In lazy mode, the first couple of training iterations may be slower due to graph compilations. To not take them into account in the computation of the throughput at the end of the training, you can add the following training argument: throughput_warmup_steps=2.

Mixed-Precision Training

Mixed-precision training enables to compute some operations using lighter data types to accelerate training. Habana Mixed Precision (HMP) proposes to mix fp32 and bf16 operations.

Please refer to the list of supported PyTorch operators beforehand to make sure the ones you are interested in are compatible with bf16.

To apply HMP, you must set "use_habana_mixed_precision" to true in the Gaudi configuration file. Then, you can specify which operators to compute in bf16 with "hmp_bf16_ops" and which operators to compute in fp32 with "hmp_fp32_ops". If these operators are not specified, their default values are set to be the ones written in the Gaudi configuration file of BERT, which is a good starting point for applying HMP:

"hmp_bf16_ops": [
    "add",
    "addmm",
    "bmm",
    "div",
    "dropout",
    "gelu",
    "iadd",
    "linear",
    "layer_norm",
    "matmul",
    "mm",
    "rsub",
    "softmax",
    "truediv"
],
"hmp_fp32_ops": [
    "embedding",
    "nll_loss",
    "log_softmax"
]

Custom Operators

Habana provides a few custom operators that achieve better performance than their PyTorch counterparts on Gaudi. You can also define your own custom operator for Gaudi as described here.

Fused ADAM

Habana provides a custom fused ADAM implementation. It can be used by specifying "use_fused_adam": true in the Gaudi configuration file.

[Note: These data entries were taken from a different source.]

(* Let $\mathcal{N}_1,\ldots,\mathcal{N}_l$ be subsets of $\mathcal{N}=\{1,\ldots,n\}$ with $\bigcup_{i=1}^l\mathcal{N}_i=\mathcal{N}$, satisfying the tree condition $$\mathcal{N}_i\cap\mathcal{N}_j\neq\emptyset\implies(\mathcal{N}_i\subseteq\mathcal{N}_j\text{ or }\mathcal{N}_j\subseteq\mathcal{N}_i).$$ For each $i$ let $\|\cdot\|_i:\mathbb{R}^{|\mathcal{N}_i|}\to\mathbb{R}_+$ be an arbitrary norm, and define $$\|z\|_A=\sum_{i=1}^l\|z_{\mathcal{N}_i}\|_i ,$$ where $\|z_{\mathcal{N}_i}\|_i$ means $\|\cdot\|_i$ applied to $(z_j)_{j\in\mathcal{N}_i}$. Let $\mathcal{G}=\{G_1,\ldots,G_g\}$ be the collection of distinct inclusion-maximal sets among $\mathcal{N}_1,\ldots,\mathcal{N}_l$ (these form a partition of $\mathcal{N}$). Then $\|\cdot\|_A$ is decomposable with respect to $\mathcal{G}$.
   Context: For $z\in\mathbb{R}^n$ and $\Lambda\subseteq\mathcal{N}$, $z_\Lambda\in\mathbb{R}^n$ denotes the vector with $(z_\Lambda)_i=z_i$ for $i\in\Lambda$ and $0$ otherwise; $\mathrm{supp}(u)=\{i:u_i\neq0\}$. For a partition $\mathcal{G}=\{G_1,\ldots,G_g\}$ of $\mathcal{N}$ and $S\subseteq\{1,\ldots,g\}$ let $G_S=\bigcup_{i\in S}G_i$. A norm $\|\cdot\|$ on $\mathbb{R}^n$ is decomposable with respect to $\mathcal{G}$ if, whenever $u,v\in\mathbb{R}^n$ satisfy $\mathrm{supp}(u)\subseteq G_{S_u}$, $\mathrm{supp}(v)\subseteq G_{S_v}$ with $S_u,S_v$ disjoint subsets of $\{1,\ldots,g\}$, one has $\|u+v\|=\|u\|+\|v\|$. *)

From HB Require Import structures.
From mathcomp Require Import all_boot all_order all_algebra.
Set Implicit Arguments. Unset Strict Implicit. Unset Printing Implicit Defensive.
Import Order.TTheory GRing.Theory Num.Theory.
Local Open Scope ring_scope.

Definition is_norm (R : realDomainType) (I : finType) (nu : (I -> R) -> R) : Prop :=
  [/\ (forall x, 0 <= nu x),
      (forall x, nu x = 0 -> forall j, x j = 0),
      (forall (a : R) x, nu (fun j => a * x j) = `|a| * nu x) &
      (forall x y, nu (fun j => x j + y j) <= nu x + nu y)].

Definition restrict (R : Type) (n : nat) (A : {set 'I_n}) (z : 'I_n -> R)
  : {x : 'I_n | x \in A} -> R := fun x => z (val x).

Definition normA (R : realDomainType) (n l : nat) (N : 'I_l -> {set 'I_n})
  (nu : forall i : 'I_l, ({x : 'I_n | x \in N i} -> R) -> R) (z : 'I_n -> R) : R :=
  \sum_(i < l) nu i (@restrict R n (N i) z).

Definition maximal_sets (n l : nat) (N : 'I_l -> {set 'I_n}) : {set {set 'I_n}} :=
  [set N i | i in [set i : 'I_l | [forall j : 'I_l, (N i \subset N j) ==> (N j == N i)]]].

Definition unionG (n : nat) (S : {set {set 'I_n}}) : {set 'I_n} := \bigcup_(B in S) B.

Definition decomposable (R : realDomainType) (n : nat) (nrm : ('I_n -> R) -> R)
  (G : {set {set 'I_n}}) : Prop :=
  forall (Su Sv : {set {set 'I_n}}), Su \subset G -> Sv \subset G -> [disjoint Su & Sv] ->
  forall u v : 'I_n -> R,
    (forall j, u j != 0 -> j \in unionG Su) ->
    (forall j, v j != 0 -> j \in unionG Sv) ->
    nrm (fun j => u j + v j) = nrm u + nrm v.

(* Each N_i lies inside the maximal set containing any of its points, and
   two maximal sets sharing a point coincide.  Hence if u and v are supported
   on unions of disjoint families of maximal sets, on every N_i one of them
   vanishes identically, so each summand of ||u + v||_A splits additively. *)

From HB Require Import structures.
From mathcomp Require Import all_boot all_order all_algebra.
From Stdlib Require Import FunctionalExtensionality.
Set Implicit Arguments. Unset Strict Implicit. Unset Printing Implicit Defensive.

Import Order.TTheory GRing.Theory Num.Theory.
Local Open Scope ring_scope.

Lemma is_norm0 (R : realDomainType) (I : finType) (nu : (I -> R) -> R) :
  is_norm nu -> nu (fun=> 0) = 0.
Proof.
case=> _ _ homog _.
by have /= := homog 0 (fun=> 0); rewrite mul0r normr0 mul0r.
Qed.

Lemma normD_vanishing (R : realDomainType) (I : finType) (nu : (I -> R) -> R)
    (x y : I -> R) :
  is_norm nu -> (forall j, x j = 0) \/ (forall j, y j = 0) ->
  nu (fun j => x j + y j) = nu x + nu y.
Proof.
move=> nu_norm [x0 | y0].
- have -> : x = fun=> 0 by apply: functional_extensionality.
  by rewrite is_norm0 // add0r; congr nu; apply: functional_extensionality => j; rewrite add0r.
- have -> : y = fun=> 0 by apply: functional_extensionality.
  by rewrite is_norm0 // addr0; congr nu; apply: functional_extensionality => j; rewrite addr0.
Qed.

Section TreeFamily.

Variables (n l : nat) (N : 'I_l -> {set 'I_n}).
Hypothesis tree :
  forall i j : 'I_l, N i :&: N j != set0 -> (N i \subset N j) || (N j \subset N i).

Lemma sub_maximal_set i B x :
  B \in maximal_sets N -> x \in B -> x \in N i -> N i \subset B.
Proof.
case/imsetP=> a; rewrite inE => /forallP a_max -> xa xi.
have /tree/orP[a_sub_i | //] : N a :&: N i != set0.
  by apply/set0Pn; exists x; rewrite inE xa xi.
by have := a_max i; rewrite a_sub_i => /eqP ->.
Qed.

Lemma maximal_sets_eq B B' x :
  B \in maximal_sets N -> B' \in maximal_sets N -> x \in B -> x \in B' -> B = B'.
Proof.
move=> BG B'G xB xB'.
case/imsetP: (BG) => a _ Ba; case/imsetP: (B'G) => b _ B'b.
apply/eqP; rewrite eqEsubset.
have NaB' : N a \subset B' by apply: (sub_maximal_set B'G xB'); rewrite -Ba.
have NbB : N b \subset B by apply: (sub_maximal_set BG xB); rewrite -B'b.
by rewrite {1}Ba NaB' B'b NbB.
Qed.

Lemma support_sub_maximal_set (R : realDomainType) (S : {set {set 'I_n}})
    (u : 'I_n -> R) i j :
  S \subset maximal_sets N -> (forall k, u k != 0 -> k \in unionG S) ->
  j \in N i -> u j != 0 -> exists2 B, B \in S & N i \subset B.
Proof.
move=> /subsetP SG u_supp jNi /u_supp /bigcupP[B BS jB].
by exists B; last exact: sub_maximal_set (SG B BS) jB jNi.
Qed.

Lemma vanishing_on_block (R : realDomainType) (Su Sv : {set {set 'I_n}})
    (u v : 'I_n -> R) i :
  Su \subset maximal_sets N -> Sv \subset maximal_sets N -> [disjoint Su & Sv] ->
  (forall k, u k != 0 -> k \in unionG Su) ->
  (forall k, v k != 0 -> k \in unionG Sv) ->
  (forall j, j \in N i -> u j = 0) \/ (forall j, j \in N i -> v j = 0).
Proof.
move=> SuG SvG dis u_supp v_supp.
have [u0 | /forall_inPn[j jNi uj]] := boolP [forall j in N i, u j == 0].
  by left=> j jNi; apply/eqP; move/forall_inP: u0; apply.
have [B BSu NiB] := support_sub_maximal_set SuG u_supp jNi uj.
right=> k kNi; apply/eqP/negP => /negP vk.
have [B' BSv NiB'] := support_sub_maximal_set SvG v_supp kNi vk.
have BB' : B = B'.
  apply: (@maximal_sets_eq _ _ k); [exact: subsetP SuG B BSu |
    exact: subsetP SvG B' BSv | exact: subsetP NiB k kNi | exact: subsetP NiB' k kNi].
by move/disjointFr: dis => /(_ B BSu); rewrite BB' BSv.
Qed.

End TreeFamily.

Theorem corollary2p3 (R : realFieldType) (n l : nat) (N : 'I_l -> {set 'I_n})
  (nu : forall i : 'I_l, ({x : 'I_n | x \in N i} -> R) -> R) :
  \bigcup_(i < l) N i = [set: 'I_n] ->
  (forall i j : 'I_l, N i :&: N j != set0 -> (N i \subset N j) || (N j \subset N i)) ->
  (forall i : 'I_l, is_norm (nu i)) ->
  decomposable (normA nu) (maximal_sets N).
Proof.
(* Covering only makes maximal_sets N a partition; decomposability does not need it. *)
move=> _ tree norms Su Sv SuG SvG dis u v u_supp v_supp.
rewrite /normA -big_split; apply: eq_bigr => i _.
apply: normD_vanishing (norms i) _.
by case: (vanishing_on_block tree i SuG SvG dis u_supp v_supp) => zero;
  [left | right] => -[j jNi]; exact: zero.
Qed.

The default value of epsilon is 1e-6 for the Habana fused ADAM optimizer, while it is 1e-8 for torch.optim.AdamW.

Fused Gradient Norm Clipping

Habana provides a custom gradient norm clipping implementation. It can be used by specifying "use_fused_clip_norm": true in the Gaudi configuration file.

Tracking Memory Usage

Live memory statistics are displayed every logging_steps (default is 500) steps:

  • memory_allocated (GB) refers to the current memory consumption in GB,
  • max_memory_allocated (GB) refers to the maximum memory consumption reached during the run in GB,
  • total_memory_available (GB) refers to the total memory available on the device in GB.

These metrics can help you to adjust the batch size of your runs.

In distributed mode, memory stats are communicated only by the main process.